» **TASK GOAL**
From the entries below, extract every line that includes the word "forall".

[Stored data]
________________________________________
(* With C0 = T0 (+) ker p0 and x = i0 (f 1), C0/xR = T0/f(R) (+) ker p0, and
   T0/f(R) is T1. *)
Lemma summand_quo_cyclic_ses T0 T1 C0 (f : RR R -> T0) (g : T0 -> T1) (i0 : T0 -> C0)
    (p0 : C0 -> T0) :
  ses f g -> hom i0 -> hom p0 -> (forall t, p0 (i0 t) = t) ->
  summand (quo_rmod (cyclic_submod (i0 (f 1)))) (T1 * C0)%type.
Proof.
move=> sfg hi hp pi; have [hf hg _ gsurj ex] := sfg.
pose x := i0 (f 1); pose q := quo_pi (cyclic_submod x).
have hq : hom q := hom_quo_pi _.
have kerg t : g t = 0 -> q (i0 t) = 0.
  move=> /ex [a ->]; apply/quo_pi_eq0; exists a.
  by rewrite /= /x -(homZ hi) -(homZ hf) -RR_scale1.
have hc : hom (fun c => c - i0 (p0 c)) := hom_sub hom_id (hom_comp hp hi).
have [j [hj jE]] : exists j, hom j /\ forall c, j (q c) = (g (p0 c), c - i0 (p0 c)).
  apply: quo_lift; first exact: hom_pair (hom_comp hp hg) hc.
  move=> _ [s <-]; rewrite /= /x (homZ hp) pi (homZ hg) (homZ hi) (ses_comp0 sfg).
  by apply: injective_projections; rewrite /= ?scaler0 ?subrr.
have [sg sgE] := choice _ gsurj.
exists j, (fun z => q (i0 (sg z.1)) + q (z.2 - i0 (p0 z.2))); split => //.
  apply: hom_add; last exact: hom_comp hom_snd (hom_comp hc hq).
  move=> r a b; apply/eqP; rewrite -(homZ hq) -(homD hq) -subr_eq0 -(homB hq) -!(homZ hi).
  by rewrite -!(homD hi) -(homB hi) kerg // !(homB hg, homD hg, homZ hg) !sgE /= subrr.
move=> w; have [c <-] := quo_pi_surj w; rewrite jE /=; apply/eqP.
rewrite (homB hp) pi subrr (hom0 hi) subr0 -(homD hq) -subr_eq0 -(homB hq).
rewrite addrCA [c + _]addrC addrK -(homB hi) kerg //.
by rewrite (homB hg) sgE subrr.
Qed.
End CyclicQuotients.

Section PerpGenerated.
Variable R : pzRingType.
Implicit Types M N X Y E A B C U V K Q P D W F T : rmod R.

Lemma Ext1_zero_zero_rmod X : Ext1_zero X (zero_rmod R).
Proof.
move=> E f g [hf hg _ gsurj ex].
have ginj : injective g.
  move=> a b gab; apply/eqP; rewrite -subr_eq0; apply/eqP.
  have /ex [z ->] : g (a - b) = 0 by rewrite (homB hg) gab subrr.
  by rewrite [z]zero_rmod_eq0 hom0.
have [s gs] := choice _ gsurj.
by exists s; split=> // r x y; apply: ginj; rewrite hg !gs.
Qed.

Lemma Ext1_zero_pair_r N Y1 Y2 :
  pd_le1 N -> Ext1_zero N Y1 -> Ext1_zero N Y2 -> Ext1_zero N (Y1 * Y2)%type.
Proof.
move=> [Q1 [Q0 [fq [gq [_ [projQ0 sq]]]]]] extY1 extY2.
apply: (Ext1_zero_of_extend sq projQ0) => h hh.
have [h1 [hh1 h1E]] := Ext1_zero_extend sq extY1 (hom_comp hh hom_fst).
have [h2 [hh2 h2E]] := Ext1_zero_extend sq extY2 (hom_comp hh hom_snd).
exists (fun q => (h1 q, h2 q)); split; first exact: hom_pair.
by move=> k; rewrite h1E h2E; case: (h k).
Qed.

Definition perp_generated N M (y : M) := exists (Y : rmod R) (phi : Y -> M) (z : Y),
  [/\ hom phi, Ext1_zero N Y & phi z = y].

Lemma perp_generated0 N M : perp_generated N (0 : M).
Proof.
exists (zero_rmod R), (fun _ => 0), 0; split => //; first exact: hom_zero.
exact: Ext1_zero_zero_rmod.
Qed.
________________________________________
» **SOLUTION**
  ses f g -> hom i0 -> hom p0 -> (forall t, p0 (i0 t) = t) ->
have [j [hj jE]] : exists j, hom j /\ forall c, j (q c) = (g (p0 c), c - i0 (p0 c)).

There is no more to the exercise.